Posted on 09/14/2018 9:41:53 AM PDT by Robert A Cook PE
From a writer at WattsUpWithThat:
National Data Buoy Center shows Florence passing over Johnny Mercer Pier, station JMPN7. The surface anemometer height for that station is 15 meters above sea level. Winds speeds recorded show the eyewall and eye passing directly the station. Maximum sustained winds on the leading edge of the storm were 52 knots at 5.36 AM, followed by the eye with (its typically) low winds at 7am, followed by the trailing eyewall winds of 56 knots at 8am. https://www.ndbc.noaa.gov/station_page.php?station=jmpn7
Several NDBC stations in the region, both on the shore and offshore, confirm that Florence never produced sustained winds reaching hurricane threshold, which is 64 knots. Recorded winds using anemometers at 10 meters above the local site are part of the definition of the Saffir-Simpson scale.
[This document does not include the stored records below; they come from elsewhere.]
(* (Hyperdense coding with local continuous reversibility but without tomographic locality.) Let $N\ge2$, $n=2^N-1$, $m\ge1$. Let $\Omega_A=\Omega_B=\Omega^{(n)}_m$ with local effect set $\mathcal E_{\mathrm{loc}}$, local transformations $\mathcal T=\{T^{(R)}_\mu\}$, entangled states $\Phi_\mu$, joint state space $\Omega_{AB}$ and effects $F_y$ as in the context. Then: (a) $\Lambda:=\{T\Phi_{\mathbf 0}T'^{\mathrm t}:T,T'\in\mathcal T\}=\{\Phi_\mu\}_{\mu\in\{0,1\}^N}$, and $\Omega_A\otimes_{\min}\Omega_B\subseteq\Omega_{AB}\subseteq\Omega_A\otimes_{\max}\Omega_B$; (b) every $T\in\mathcal T$ maps $\Omega_A$ into itself and $\Omega_{AB}$ into itself (acting on either side), and any two pure local states are connected by elements of $\mathcal T$ depending continuously on an $\mathrm{SO}(m)$ parameter; (c) $(e\otimes f)\cdot\Phi_\mu$ does not depend on $\mu$ for any $e,f\in\mathcal E_{\mathrm{loc}}$, although the $\Phi_\mu$ are pairwise distinct (tomographic locality fails); (d) each $F_y$ lies in $\mathcal E_{AB}$, $\sum_yF_y=u\otimes u$, and $F_y\cdot(T^{(R)}_x\Phi_{\mathbf 0})=F_y\cdot\Phi_x=\delta_{y,x}$; hence the dense coding protocol (shared $\Phi_{\mathbf 0}$, encoding by $T^{(R)}_x$, decoding by $\{F_y\}$, uniform $x\in\{0,1\}^N$) achieves $I(X:Y)=N$, while the classical capacity of each local system is $1$ bit.
   Context: $\Omega^{(n)}_m=\{(1,\mathbf 0,r)^{\mathrm t}:\mathbf 0\in\mathbb R^n,\ r\in\mathbb R^m,\ \lVert r\rVert\le1\}\subset\mathbb R^{1+n+m}$, unit effect $u=(1,\mathbf 0)^{\mathrm t}$ (zero in $\mathbb R^{n+m}$), local effect set $\mathcal E_{\mathrm{loc}}=$ convex hull of the zero vector, $u$, and $\tfrac12(1,\mathbf 0,r)^{\mathrm t}$ for unit $r\in\mathbb R^m$. Classical capacity is defined as the supremum of $I(X:Y)$ over finite message distributions, states and measurements (families in $\mathcal E_{\mathrm{loc}}$ summing to $u$) with $p(y|x)=e_y\cdot\omega_x$. Bipartite states are real $(1+n+m)\times(1+n+m)$ matrices, identified with tensors via $v\otimes w=vw^{\mathrm t}$, inner product $X\cdot Y=\mathrm{Tr}(X^{\mathrm t}Y)$; $\Omega_A\otimes_{\min}\Omega_B$ is the convex hull of product states; $\Omega_A\otimes_{\max}\Omega_B=\{\phi:(u\otimes u)\cdot\phi=1,(e\otimes f)\cdot\phi\ge0\ \forall e,f\in\mathcal E_{\mathrm{loc}}\}$. Coordinates of $\mathbb R^{2^N}$ are indexed by $\nu\in\{0,1\}^N$ with $\nu=\mathbf 0$ first; $(d_\mu)_\nu=(-1)^{\mu\cdot\nu}$ ($\mu\cdot\nu$ = inner product mod 2); $\phi_\mu=T_\mu=\mathrm{diag}(d_\mu)$ ($2^N\times2^N$), $E_\mu=2^{-N}\phi_\mu$. Define $T^{(R)}_\mu=\begin{pmatrix}T_\mu&0\\0&R\end{pmatrix}$ for $R\in\mathrm{SO}(m)$ and $\mu\in\{0,1\}^N$, $\mathcal T=\{T^{(R)}_\mu\}$; $\Phi_\mu=\begin{pmatrix}\phi_\mu&0\\0&0\end{pmatrix}$ (zero $m\times m$ block); $\Omega_{AB}=$ convex hull of $\Omega_A\otimes_{\min}\Omega_B\cup\Lambda$; $\mathcal E_{AB}=\{E:0\le E\cdot\phi\le1\ \forall\phi\in\Omega_{AB}\}$; $F_y=2^{-N}\Phi_y$. Local transformations act on $A$ as $\phi\mapsto T\phi$ and on $B$ as $\phi\mapsto\phi T^{\mathrm t}$. *)

From Stdlib Require Import Reals Lra Lia List Arith.
Open Scope R_scope.

Fixpoint sumR (k : nat) (f : nat -> R) : R :=
  match k with O => 0 | S k' => sumR k' f + f k' end.

(** Vectors / matrices are functions on indices; all concrete objects below
    are zero outside the relevant index range, so Leibniz equality is used. *)
Definition vec := nat -> R.
Definition mat := nat -> nat -> R.

Definition vadd (v w : vec) : vec := fun i => v i + w i.
Definition vscal (a : R) (v : vec) : vec := fun i => a * v i.
Definition vzero : vec := fun _ => 0.
Definition madd (A B : mat) : mat := fun i j => A i j + B i j.
Definition mscal (a : R) (A : mat) : mat := fun i j => a * A i j.
Definition mzero : mat := fun _ _ => 0.

Definition dotv (d : nat) (v w : vec) : R := sumR d (fun i => v i * w i).
Definition dotm (d : nat) (X Y : mat) : R :=
  sumR d (fun i => sumR d (fun j => X i j * Y i j)).
Definition mmul (d : nat) (A B : mat) : mat :=
  fun i j => sumR d (fun k => A i k * B k j).
Definition mvec (d : nat) (A : mat) (v : vec) : vec :=
  fun i => sumR d (fun k => A i k * v k).
Definition trans (A : mat) : mat := fun i j => A j i.
Definition tens (v w : vec) : mat := fun i j => v i * w j.

Definition conv {X : Type} (z : X) (add : X -> X -> X) (sc : R -> X -> X)
  (P : X -> Prop) (x : X) : Prop :=
  exists l : list (R * X),
    Forall (fun p => 0 <= fst p /\ P (snd p)) l /\
    fold_right (fun p s => fst p + s) 0 l = 1 /\
    x = fold_right (fun p s => add (sc (fst p) (snd p)) s) z l.
Lemma sing_comp_op_valid X I i phi u a0 : valid (Sing X) I i phi u a0 ->
  forall x, proj1_sig (sing_comp_op X I i phi u a0) x = comp_fun X I i phi u a0 x.
Proof.
  intros Hv x. unfold sing_comp_op.
  destruct excluded_middle_informative as [[? [? [? ?]]]|]; [reflexivity | contradiction].
Qed.

Definition sing_comp (X : Top) : comp_structure (Sing X).
Proof.
  refine {| Defs.comp := sing_comp_op X |}.
  - intros I i phi psi u v a0 Hu Hv Hpq Huv. apply sing_eq. intros x.
    rewrite (sing_comp_op_valid X I i phi u a0 Hu), (sing_comp_op_valid X I i psi v a0 Hv).
    unfold comp_fun. rewrite (lift_face_eq I i phi psi x Hpq). apply glue_face_eq; auto.
  - intros I i phi u a0 J j f u' HvI HvJ Hu. apply sing_eq. intros x. simpl.
    rewrite (sing_comp_op_valid X I i phi u a0 HvI), (sing_comp_op_valid X J j _ u' _ HvJ).
    destruct HvI as [Hi [Hin [Hok _]]], HvJ as [Hj [HinJ [HokJ _]]].
    unfold comp_fun. rewrite (lift_natural I i phi J j f x Hi Hj Hin).
    apply glue_natural; auto.
  - intros I i phi u a0 h Hv Htop. apply sing_eq. intros x.
    rewrite (sing_comp_op_valid X I i phi u a0 Hv).
    destruct Hv as [Hi [Hin [Hok _]]]. apply comp_fun_full; auto.
Defined.

Theorem corollaryC2 : forall X : Top, inhabited (comp_structure (Sing X)).
Proof. intros X. exact (inhabits (sing_comp X)). Qed.
(* Let $r\ge1$ and $n\ge1$ be integers and let $\mathcal P(n,r,-1)$ be the set of lattice paths with steps $(1,1)$ (up) and $(1,-r)$ (down) from $(0,0)$ to $((r+1)n-1,-1)$ (so with $rn-1$ up steps and $n$ down steps). Then (whenever the denominators are nonzero): (1) For each $k=1,2,\dots,rn-1$, the number of paths in $\mathcal P(n,r,-1)$ that start with an up step and have exactly $k$ up steps starting on or above the $x$-axis is $\frac{1}{rn-1}\binom{(r+1)n-2}{n}$. (2) For each $k=1,2,\dots,n$, the number of paths in $\mathcal P(n,r,-1)$ that start with a down step and have exactly $k$ down steps starting on or above the $x$-axis is $\frac1n\binom{(r+1)n-2}{n-1}$. (3) For each $k=1,2,\dots,(r+1)n-1$, the number of paths in $\mathcal P(n,r,-1)$ with exactly $k$ vertices on or above the $x$-axis is $\frac{1}{(r+1)n-1}\binom{(r+1)n-1}{n}$.
   Context: A step starts on or above the $x$-axis if its initial vertex has $y$-coordinate $\ge0$; a vertex is on or above the $x$-axis if its $y$-coordinate is $\ge0$ (the final vertex, at height $-1$, is never counted). *)

From HB Require Import structures.
From mathcomp Require Import all_boot all_order all_algebra.
Set Implicit Arguments. Unset Strict Implicit. Unset Printing Implicit Defensive.
Import Order.TTheory GRing.Theory Num.Theory.
Local Open Scope ring_scope.

(* A path is a sequence of steps: true = up step (1,1), false = down step (1,-r). *)
Definition step (r : nat) (b : bool) : int := if b then 1 else - (r%:Z).

Definition height (r : nat) (s : seq bool) (i : nat) : int :=
  \sum_(b <- take i s) step r b.

(* The paths of P(n,r,-1): length (r+1)n-1 with exactly n down steps
   (hence rn-1 up steps, ending at height -1). *)
Definition is_path (r n : nat) (s : seq bool) : bool :=
  (size s == ((r.+1 * n).-1)%N) && (count negb s == n).

Definition ups_above (r : nat) (s : seq bool) : nat :=
  count (fun j => nth false s j && (0 <= height r s j)) (iota 0 (size s)).

Definition downs_above (r : nat) (s : seq bool) : nat :=
  count (fun j => ~~ nth false s j && (0 <= height r s j)) (iota 0 (size s)).

(* number of vertices on or above the x-axis (final vertex excluded) *)
Definition verts_above (r : nat) (s : seq bool) : nat :=
  count (fun j => 0 <= height r s j) (iota 0 (size s)).

From HB Require Import structures.
From mathcomp Require Import all_boot all_order all_algebra.
From mathcomp Require Import zify.
Set Implicit Arguments. Unset Strict Implicit. Unset Printing Implicit Defensive.
Import Order.TTheory GRing.Theory Num.Theory.

(* Rotating a path at step i makes vertex i the new origin.  Since the path
   ends at height -1, an original vertex a lies on or above the axis after the
   rotation iff (h a, a) >= (h i, i) lexicographically.  So, among the
   rotations that start with a step of a given kind, the number of such steps
   starting on or above the axis is the rank of the starting step in a total
   order: every value 1, ..., #steps of that kind is taken by exactly one
   rotation (cycle lemma).  Double counting pairs (path, rotation) gives
   ((r+1)n-1) * #{paths with value k} = #P(n,r,-1) = C((r+1)n-1, n), and the
   three formulas are rewritings of this by binomial identities. *)

Lemma count_gt_ge_mem d (T : orderType d) (x : T) s :
  (count (> x)%O s < count (>= x)%O s)%N = (x \in s).
Proof. exact: (@count_lt_le_mem _ T^d). Qed.

Lemma count_rank_eq1 d (T : orderType d) (L : seq T) k :
  uniq L -> (0 < k <= size L)%N -> count (fun x => count (>= x)%O L == k) L = 1%N.
Proof.
move=> uniqL k_range; set rank := fun x => count (>= x)%O L.
have rank_lt x y : x \in L -> (x < y)%O -> (rank y < rank x)%N.
  move=> xL xy; apply: leq_trans (_ : count (> x)%O L < rank x)%N; last first.
    by rewrite count_gt_ge_mem.
  by rewrite ltnS; apply: sub_count => z /= /(lt_le_trans xy).
have rank_inj : {in L &, injective rank}.
  move=> x y xL yL; case: (ltgtP x y) => // [xy|yx] eq_rank.
  - by have := rank_lt _ _ xL xy; rewrite eq_rank ltnn.
  - by have := rank_lt _ _ yL yx; rewrite eq_rank ltnn.
have rank_range : {subset map rank L <= iota 1 (size L)}.
  move=> _ /mapP[x xL ->]; rewrite mem_iota add1n ltnS count_size andbT.
  by rewrite -has_count; apply/hasP; exists x => /=.
have uniq_ranks : uniq (map rank L) by rewrite map_inj_in_uniq.
have [|_ rank_onto] := uniq_min_size uniq_ranks rank_range.
  by rewrite size_iota size_map.
rewrite -[LHS]/(count (preim rank (pred1 k)) L) -count_map count_uniq_mem //.
by rewrite rank_onto mem_iota add1n ltnS k_range.
Qed.

Lemma count_nth_iota (T : Type) (x0 : T) (P : pred T) s :
  count (fun i => P (nth x0 s i)) (iota 0 (size s)) = count P s.
Proof. by rewrite -[in RHS](mkseq_nth x0 s) /mkseq count_map. Qed.

Lemma sum_bool_card (T : finType) (C : pred T) :
  (\sum_(t : T) (C t : nat))%N = #|[set t | C t]|.
Proof. by rewrite -sum1_card [RHS]big_mkcond; apply: eq_bigr => t _; rewrite inE. Qed.

Lemma sum_ord_count m (b : pred nat) : (\sum_(i < m) (b i : nat))%N = count b (iota 0 m).
Proof.
rewrite -sum1_count [RHS]big_mkcond -(big_mkord xpredT (fun i => b i : nat)).
by rewrite /index_iota subn0.
Qed.

Lemma card_rot_transversal (T : finType) N (A B : pred (seq T)) :
  (forall i s, A (rot i s) = A s) ->
  (forall t : N.-tuple T, A t -> count (fun i => B (rot i t)) (iota 0 N) = 1%N) ->
  (N * #|[set t : N.-tuple T | A t && B t]|)%N = #|[set t : N.-tuple T | A t]|.
Proof.
move=> rotA rot_unique.
have card_rot i : #|[set t : N.-tuple T | A t && B t]| =
    #|[set t : N.-tuple T | A t && B (rot i t)]|.
  rewrite -(card_preimset _ (f := fun t : N.-tuple T => rot_tuple i t)); last first.
    by move=> t1 t2 /(congr1 val)/rot_inj/val_inj.
  by apply: eq_card => t; rewrite !inE rotA.
rewrite -[N in (N * _)%N]card_ord -sum_nat_const.
under eq_bigr => i _ do rewrite (card_rot i).
rewrite -sum_bool_card; under eq_bigr do rewrite -sum_bool_card.
rewrite exchange_big /=; apply: eq_bigr => t _.
rewrite (eq_bigl xpredT) // (sum_ord_count _ (fun i => A t && B (rot i t))).
by case At: (A t); [exact: rot_unique | rewrite count_pred0].
Qed.

Lemma card_tuples_count_negb N n :
  #|[set t : N.-tuple bool | count negb t == n]| = 'C(N, n).
Proof.
pose downs (t : N.-tuple bool) := [set i | ~~ tnth t i].
pose of_set (A : {set 'I_N}) := [tuple ~~ (i \in A) | i < N].
have downsK : cancel of_set downs.
  by move=> A; apply/setP => i; rewrite inE tnth_mktuple negbK.
have downs_inj : injective downs.
  move=> t1 t2 /setP eq_downs; apply: eq_from_tnth => i.
  by move: (eq_downs i); rewrite !inE => /negb_inj.
have card_downs (t : N.-tuple bool) : count negb t = #|downs t|.
  by rewrite -sum1_count big_tuple cardsE -sum1_card.
rewrite -(card_imset _ downs_inj) -[N in 'C(N, _)]card_ord -card_draws.
congr #|pred_of_set _|.
apply/setP => A; rewrite inE; apply/imsetP/idP => [[t] | /eqP card_A].
  by rewrite inE => /eqP <- ->; rewrite card_downs.
exists (of_set A); last by rewrite downsK.
by rewrite inE card_downs downsK card_A.
Qed.

Local Open Scope ring_scope.

(* [ups_above], [downs_above] and [verts_above] are [count_above r P] for
   [P = id], [negb] and [predT], up to conversion. *)
Definition count_above r (P : pred bool) (s : seq bool) : nat :=
  count (fun j => P (nth false s j) && (0 <= height r s j)) (iota 0 (size s)).

Lemma heightD r s i j : height r s (i + j) = height r s i + height r (drop i s) j.
Proof. by rewrite /height takeD big_cat. Qed.

Lemma height_size r s : height r s (size s) = (count id s)%:Z - (count negb s * r)%:Z.
Proof.
rewrite /height take_size; elim: s => [|b s IH]; first by rewrite big_nil.
by rewrite big_cons IH /step; case: b => /=; lia.
Qed.

Lemma count_up_path r n s : is_path r n s -> count id s = (r * n - 1)%N.
Proof.
case/andP=> /eqP size_s /eqP downs; have := count_predC id s.
by rewrite size_s -[count (predC id) s]/(count negb s) downs mulSn; lia.
Qed.

Lemma height_path_end r n s : (0 < n)%N -> is_path r n s -> height r s (size s) = -1.
Proof.
move=> n_gt0 /andP[/eqP size_s /eqP downs]; have := count_predC id s.
rewrite height_size size_s -[count (predC id) s]/(count negb s) downs mulSn.
by lia.
Qed.

Lemma nth_rot_head (T : Type) (x0 : T) s i j : (j < size s - i)%N ->
  nth x0 (rot i s) j = nth x0 s (i + j).
Proof. by move=> hj; rewrite /rot nth_cat size_drop hj nth_drop. Qed.

Lemma nth_rot_tail (T : Type) (x0 : T) s i j : (i <= size s)%N -> (j < i)%N ->
  nth x0 (rot i s) (size s - i + j) = nth x0 s j.
Proof.
by move=> hi hj; rewrite /rot nth_cat size_drop ltnNge leq_addr /= addKn nth_take.
Qed.

Lemma height_rot_head r s i j : (i <= size s)%N -> (j <= size s - i)%N ->
  height r (rot i s) j = height r s (i + j) - height r s i.
Proof.
by move=> hi hj; rewrite heightD addrC addKr /height /rot takel_cat // size_drop.
Qed.

Lemma height_rot_tail r s i j : (i <= size s)%N -> (j <= i)%N ->
  height r (rot i s) (size s - i + j) =
  height r s (size s) - height r s i + height r s j.
Proof.
move=> hi hj; rewrite -[in height r s (size s)](subnKC hi) [height r s (i + _)]heightD
  [_ + _ - height r s i]addrC addKr.
rewrite /height /rot takeD take_size_cat ?size_drop // drop_size_cat ?size_drop //.
by rewrite take_takel // big_cat [take _ (drop _ _)]take_oversize ?size_drop.
Qed.

Definition vertex_key r s (j : nat) : int *l nat := (height r s j, j).

(* A vertex [a < i] lands at height [h a - h i - 1] after the rotation, the
   path ending at [-1]; a vertex [a >= i] lands at height [h a - h i]. *)
Lemma count_above_rot r P s i : height r s (size s) = -1 -> (i < size s)%N ->
  count_above r P (rot i s) =
  count (fun a => vertex_key r s i <= vertex_key r s a)%O
    [seq a <- iota 0 (size s) | P (nth false s a)].
Proof.
move=> end_s lt_i_s; have le_i_s := ltnW lt_i_s.
rewrite count_filter /count_above size_rot.
rewrite -{1}(subnK le_i_s) iotaD count_cat add0n.
rewrite -[in RHS](subnKC le_i_s) iotaD count_cat addnC add0n.
have iota_shift m n : iota m n = map (addn m) (iota 0 n) by rewrite -iotaDl addn0.
rewrite [iota i _]iota_shift [iota (size s - i) _]iota_shift !count_map.
congr (_ + _)%N; apply: eq_in_count => j; rewrite mem_iota add0n => /andP[_ lt_j] /=.
- rewrite nth_rot_tail // height_rot_tail ?(ltnW lt_j) // end_s lexi_pair.
  by rewrite leEnat leqNgt lt_j implybF andbC; congr (_ && _); lia.
- rewrite nth_rot_head // height_rot_head ?(ltnW lt_j) // subr_ge0 lexi_pair.
  by rewrite leEnat leq_addr implybT andbT andbC.
Qed.

Lemma cycle_lemma r P s k : height r s (size s) = -1 -> (0 < k <= count P s)%N ->
  count (fun i => P (nth false s i) && (count_above r P (rot i s) == k))
    (iota 0 (size s)) = 1%N.
Proof.
move=> end_s k_range; set L := [seq a <- iota 0 (size s) | P (nth false s a)].
have -> : count (fun i => P (nth false s i) && (count_above r P (rot i s) == k))
    (iota 0 (size s)) =
  count (fun x => count (>= x)%O (map (vertex_key r s) L) == k) (map (vertex_key r s) L).
  rewrite count_map count_filter; apply: eq_in_count => i.
  by rewrite mem_iota => /andP[_ lt_i] /=; rewrite count_above_rot // count_map andbC.
apply: count_rank_eq1; last by rewrite size_map size_filter count_nth_iota.
by rewrite map_inj_uniq ?filter_uniq ?iota_uniq // => a b [].
Qed.

Lemma is_path_rot r n i s : is_path r n (rot i s) = is_path r n s.
Proof. by rewrite /is_path size_rot (permP (_ : perm_eq (rot i s) s)) ?perm_rot. Qed.

Lemma card_paths r n :
  #|[set t : ((r.+1 * n).-1).-tuple bool | is_path r n t]| = 'C((r.+1 * n).-1, n).
Proof.
rewrite -card_tuples_count_negb; apply: eq_card => t.
by rewrite !inE /is_path size_tuple eqxx.
Qed.

Lemma mul_card_count_above r n (P : pred bool) c k :
  (0 < n)%N -> (forall s, is_path r n s -> count P s = c) -> (0 < k <= c)%N ->
  ((r.+1 * n).-1 * #|[set t : ((r.+1 * n).-1).-tuple bool |
     is_path r n t && P (nth false t 0) && (count_above r P t == k)]|)%N =
  'C((r.+1 * n).-1, n).
Proof.
move=> n_gt0 count_P k_range; rewrite -card_paths.
set N := (r.+1 * n).-1.
set first_k := fun t => P (nth false t 0) && (count_above r P t == k).
rewrite (eq_card (B := [set t : N.-tuple bool | is_path r n t && first_k t])); last first.
  by move=> t; rewrite !inE andbA.
apply: card_rot_transversal => [i s | t path_t]; first exact: is_path_rot.
have end_t := height_path_end n_gt0 path_t.
rewrite -[in iota 0 _](size_tuple t) -(@cycle_lemma r P t k end_t) ?count_P //.
apply: eq_in_count => i; rewrite mem_iota add0n => /andP[_ lt_i].
by rewrite /first_k nth_rot_head ?subn_gt0 ?addn0.
Qed.

Lemma card_up_first_ups_above r n k : (0 < n)%N -> (0 < k <= r * n - 1)%N ->
  ((r * n - 1) * #|[set t : ((r.+1 * n).-1).-tuple bool |
     is_path r n t && nth false t 0 && (ups_above r t == k)]|)%N =
  'C(r.+1 * n - 2, n).
Proof.
move=> n_gt0 k_range; have N_gt0 : (0 < (r.+1 * n).-1)%N by rewrite mulSn; lia.
apply/eqP; rewrite -(eqn_pmul2l N_gt0) mulnCA.
rewrite (mul_card_count_above (P := id) n_gt0 (@count_up_path r n)) //.
rewrite (_ : r.+1 * n - 2 = (r.+1 * n).-1.-1)%N ?mul_bin_down; last by lia.
by rewrite mulSn; apply/eqP; congr (_ * _)%N; lia.
Qed.

Lemma card_down_first_downs_above r n k : (0 < r)%N -> (0 < k <= n)%N ->
  (n * #|[set t : ((r.+1 * n).-1).-tuple bool |
     is_path r n t && ~~ nth false t 0 && (downs_above r t == k)]|)%N =
  'C(r.+1 * n - 2, n.-1).
Proof.
move=> r_gt0 k_range; have n_gt0 : (0 < n)%N by lia.
have N_gt0 : (0 < (r.+1 * n).-1)%N by rewrite mulSn; lia.
have count_down s : is_path r n s -> count negb s = n by case/andP=> _ /eqP.
apply/eqP; rewrite -(eqn_pmul2l N_gt0) mulnCA.
rewrite (mul_card_count_above (P := negb) n_gt0 count_down) //.
rewrite (_ : r.+1 * n - 2 = (r.+1 * n).-1.-1)%N ?mul_bin_diag ?prednK //; lia.
Qed.

Lemma card_verts_above r n k : (0 < n)%N -> (0 < k <= (r.+1 * n).-1)%N ->
  ((r.+1 * n).-1 * #|[set t : ((r.+1 * n).-1).-tuple bool |
     is_path r n t && (verts_above r t == k)]|)%N = 'C((r.+1 * n).-1, n).
Proof.
move=> n_gt0 k_range; have count_all s : is_path r n s -> count predT s = (r.+1 * n).-1.
  by case/andP=> /eqP size_s _; rewrite count_predT.
rewrite -(mul_card_count_above (P := predT) n_gt0 count_all k_range).
by congr (_ * _)%N; apply: eq_card => t; rewrite !inE andbT.
Qed.

Lemma natr_eq_invr_mul (R : numFieldType) (a b x : nat) :
  (0 < a)%N -> (a * x)%N = b -> x%:R = a%:R^-1 * b%:R :> R.
Proof. by move=> a_gt0 <-; rewrite natrM mulKf // pnatr_eq0 -lt0n. Qed.

Theorem theorem14 (r n : nat) (hr : (1 <= r)%N) (hn : (1 <= n)%N) :
  (forall k : nat, (1 <= k <= r * n - 1)%N ->
     (#|[set t : ((r.+1 * n).-1).-tuple bool |
          is_path r n t && nth false t 0 && (ups_above r t == k)]|%:R : rat)
     = (r * n - 1)%:R^-1 * ('C((r.+1 * n - 2)%N, n))%:R) /\
  (forall k : nat, (1 <= k <= n)%N ->
     (#|[set t : ((r.+1 * n).-1).-tuple bool |
          is_path r n t && ~~ nth false t 0 && (downs_above r t == k)]|%:R : rat)
     = n%:R^-1 * ('C((r.+1 * n - 2)%N, n.-1))%:R) /\
  (forall k : nat, (1 <= k <= (r.+1 * n).-1)%N ->
     (#|[set t : ((r.+1 * n).-1).-tuple bool |
          is_path r n t && (verts_above r t == k)]|%:R : rat)
     = ((r.+1 * n).-1)%:R^-1 * ('C((r.+1 * n).-1, n))%:R).
Proof.
split; [|split] => k k_range; apply: natr_eq_invr_mul.
- by lia.
- exact: card_up_first_ups_above.
- by lia.
- exact: card_down_first_downs_above.
- by rewrite mulSn; lia.
- exact: card_verts_above.
Qed.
Actual heights of anemometers may be at different heights above the surface, with higher instruments showing higher winds. For example, the offshore NDBC station 41037 at Wrightsville Beach records maximum sustained winds of 50 knots with anemometer height of 3 meters.\ The Cape Lookout station CLKN7 anemometer height is 16 meters, and is located well to the North of the storm center on a dune that seems to produce a Bernoulli effect for winds originating offshore. That anemometer shows sustained winds reaching 71 knots. But the nearby station BFTN7 at Beaufort, NC showing only 51 knots hours later. All other surface stations are recording sustained winds in the 50 knot range, with only the Cape Lookout station as an outlier.